1% slowdown is pretty bad. You'd still do better just not using it. 19% is huge!

[–] [email protected] 14 points 1 day ago (2 children)

I don't understand your point. How is it good that the developers thought they were faster? Does that imply anything at all in LLMs' favour? IMO that makes the situation worse because we're not only fighting inefficiency, but delusion.

20% slower is substantial.
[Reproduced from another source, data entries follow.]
Lemma mxdotxx_eq0 m (X : 'M[R]_(m, r)) : mxdot X X = 0 -> X = 0.
Proof.
move=> X0; apply/matrixP => a b; rewrite mxE.
have row_ge0 c : 0 <= \sum_(d < r) X c d * X c d.
  by apply: sumr_ge0 => d _; rewrite -expr2 sqr_ge0.
have Xa0 := psumr_eq0P (fun c _ => row_ge0 c) X0 (i := a) isT.
have /eqP := psumr_eq0P (fun d _ => sqr_ge0 (X a d)) Xa0 (i := b) isT.
by rewrite mulf_eq0 orbb => /eqP.
Qed.

Lemma mxdot_sym_tangent m (V Z : 'M[R]_(m, r)) (P : 'M[R]_r) :
  P^T = P -> V^T *m Z + Z^T *m V = 0 -> mxdot (V *m P) Z = 0.
Proof.
move=> PT VZ0; rewrite mxdot_trace trmx_mul PT -mulmxA.
set W := V^T *m Z.
have WT : W^T = - W.
  by rewrite trmx_mul trmxK; apply/eqP; rewrite -subr_eq0 opprK addrC VZ0.
(* the trace of a symmetric times a skew-symmetric matrix vanishes *)
have trN : \tr (P *m W) = - \tr (P *m W).
  by rewrite -{1}mxtrace_tr trmx_mul WT PT mulNmx raddfN /= mxtrace_mulC.
by apply/eqP; rewrite -[_ == 0](mulrn_eq0 _ 2) mulr2n {1}trN addNr.
Qed.

Lemma mxdot_diag_tangent m (V Z : 'M[R]_(m, r)) (p : 'rV[R]_r) :
  (forall j, \sum_(a < m) V a j * Z a j = 0) -> mxdot (V *m diag_mx p) Z = 0.
Proof.
move=> VZ0; rewrite /mxdot exchange_big /=; apply: big1 => b _.
transitivity (p 0 b * \sum_(a < m) V a b * Z a b); last by rewrite VZ0 mulr0.
rewrite mulr_sumr; apply: eq_bigr => a _.
by rewrite mul_mx_diag mxE mulrAC mulrC.
Qed.

Definition sym_part (X : 'M[R]_r) : 'M[R]_r := 2^-1 *: (X + X^T).

Lemma tr_sym_part (X : 'M[R]_r) : (sym_part X)^T = sym_part X.
Proof. by rewrite /sym_part linearZ linearD /= trmxK addrC. Qed.

Lemma stiefel_tangent_residual m (V G : 'M[R]_(m, r)) :
  stiefel V -> V^T *m (G - V *m sym_part (V^T *m G))
                + (G - V *m sym_part (V^T *m G))^T *m V = 0.
Proof.
move=> VTV; rewrite mulmxBr linearB /= mulmxBl trmx_mul tr_sym_part.
rewrite mulmxA VTV mul1mx -mulmxA VTV mulmx1 addrACA -opprD.
have twice_half : (2^-1 : R) *+ 2 = 1 by rewrite -(mulr_natr (2^-1 : R) 2) mulVf ?pnatr_eq0.
rewrite /sym_part -scalerDl -mulr2n twice_half scale1r.
by rewrite trmx_mul trmxK subrr.
Qed.

Definition col_dots m (V G : 'M[R]_(m, r)) : 'rV[R]_r :=
  \row_j \sum_(a < m) V a j * G a j.

Lemma unit_cols_tangent_residual m (V G : 'M[R]_(m, r)) :
  unit_cols V -> forall j,
  \sum_(a < m) V a j * (G - V *m diag_mx (col_dots V G)) a j = 0.
Proof.
move=> Vunit j; under eq_bigr do rewrite mul_mx_diag !mxE mulrBr mulrA -expr2.
by rewrite sumrB -mulr_suml Vunit mul1r subrr.
Qed.

End Mxdot.

Section Ambient.
Variables (R : realType) (k : nat) (n : 'I_k -> nat) (r : nat).
Implicit Types (Y Z : factors R n r) (y z : 'rV[R]_r).

Lemma ambdotE Y y Z z : ambdot Y y Z z = \sum_(i < k) mxdot (Y i) (Z i) + mxdot y z.
Proof. by rewrite /ambdot /mxdot big_ord1. Qed.

Lemma ambdotDl Y Y' y y' Z z :
  ambdot (fun i => Y i + Y' i) (y + y') Z z = ambdot Y y Z z + ambdot Y' y' Z z.
Proof.
rewrite !ambdotE mxdotDl addrACA; congr (_ + _).
by rewrite -big_split; apply: eq_bigr => i _; exact: mxdotDl.
Qed.

Lemma ambdotZl (c : R) Y y Z z :
  ambdot (fun i => c *: Y i) (c *: y) Z z = c * ambdot Y y Z z.
Proof.
rewrite !ambdotE mxdotZl mulrDr; congr (_ + _).
by rewrite mulr_sumr; apply: eq_bigr => i _; exact: mxdotZl.
Qed.

Lemma ambdot0l Z z : ambdot (fun i => 0) 0 Z z = 0.
Proof. by rewrite ambdotE mxdot0l addr0 big1 // => i _; exact: mxdot0l. Qed.

Lemma ambdotxx_eq0 Y y : ambdot Y y Y y = 0 -> (forall i, Y i = 0) /\ y = 0.
Proof.
rewrite ambdotE => /eqP; rewrite paddr_eq0 ?mxdotxx_ge0 //; last first.
  by apply: sumr_ge0 => i _; exact: mxdotxx_ge0.
move=> /andP[/eqP /psumr_eq0P Y0 /eqP /mxdotxx_eq0 ->]; split=> // i.
by apply: mxdotxx_eq0; apply: Y0 => // j _; exact: mxdotxx_ge0.
Qed.
Lemma pow_lt_index_bound (q y : R) : 0 < q < 1 -> 0 < y ->
  exists N : nat, INR N <= Rabs (ln y / ln q) + 1 /\ forall n, (N <= n)%nat -> q ^ n < y.
Proof.
move=> Hq Hy; have Hlnq : ln q < 0 by rewrite -ln_1; apply: ln_increasing; lra.
set X := ln y / ln q; have [Hup1 Hup2] := archimed X.
have HX := Rle_abs X; have HNX := Rle_abs (- X); rewrite Rabs_Ropp in HNX.
have [HN1 HN2] : INR (Z.to_nat (up X)) <= Rabs X + 1 /\ X < INR (Z.to_nat (up X)).
  case: (Z.le_gt_cases 0 (up X)) => Hz.
    by rewrite INR_IZR_INZ Znat.Z2Nat.id //; lra.
  have -> : Z.to_nat (up X) = 0%nat by lia.
  by have := IZR_lt _ _ Hz; rewrite /=; lra.
exists (Z.to_nat (up X)); split=> // n Hn.
have HnX : X < INR n by apply: Rlt_le_trans HN2 _; apply/le_INR/leP.
have -> : q ^ n = exp (INR n * ln q) by rewrite -Rpower_pow; [|lra].
rewrite -(exp_ln y Hy); apply: exp_increasing.
have -> : ln y = X * ln q by rewrite /X; field; lra.
by nra.
Qed.

Lemma pow_le_1 (x : R) n : 0 <= x <= 1 -> x ^ n <= 1.
Proof. by move=> Hx; rewrite -(pow1 n); apply: pow_incr. Qed.

Lemma pow_le_pow_decr (x : R) m n : 0 <= x <= 1 -> (m <= n)%nat -> x ^ n <= x ^ m.
Proof.
move=> Hx Hmn; rewrite -(subnK Hmn) pow_add Rmult_comm.
rewrite -[X in _ <= X]Rmult_1_r; apply: Rmult_le_compat_l; first by apply: pow_le; lra.
exact: pow_le_1.
Qed.

Lemma schwartzF_0 (F : fieldType) (abs : F -> R) : schwartzF abs (fun _ => RtoC 0).
Proof. by split=> [x|]; [exists 1; split=> //; lra|exists 0]. Qed.

Lemma list_uniform_bound {A : Type} (L : list A) (Q : A -> R -> Prop) :
  (forall a M M', M <= M' -> Q a M -> Q a M') ->
  (forall a, List.In a L -> exists M, Q a M) -> exists M, forall a, List.In a L -> Q a M.
Proof.
move=> Hmono; elim: L => [|a L IH] Hall; first by exists 0.
have [Ma Ha] := Hall a (or_introl erefl).
have [ML HL] := IH (fun b Hb => Hall b (or_intror Hb)).
exists (Rmax Ma ML) => b [<-|Hb]; first exact: Hmono (Rmax_l _ _) Ha.
exact: Hmono (Rmax_r _ _) (HL b Hb).
Qed.

Section NonArchimedean.
Variables (F : fieldType) (abs : F -> R).
Hypothesis abs_ge0 : forall x, 0 <= abs x.
Hypothesis abs_eq0 : forall x, abs x = 0 <-> x = 0%R.
Hypothesis absM : forall x y, abs (x * y)%R = abs x * abs y.
Hypothesis abs_ultra : forall x y, abs (x + y)%R <= Rmax (abs x) (abs y).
Imagine the effect on the economy if 20% of all output was discarded (or more accurately, spent using electricity).

[–] [email protected] 1 points 9 hours ago

Does that imply anything at all in LLMs’ favour?

Yes it suggest lower cognitive load.

[–] [email protected] 5 points 19 hours ago

I'm not saying it's good, I'm saying I expected it to be even worse.

[–] [email protected] 21 points 1 day ago* (last edited 1 day ago) (6 children)

Don’t give yourselves to these unnatural men - machine men with machine minds and machine hearts! You are not machines! You are men!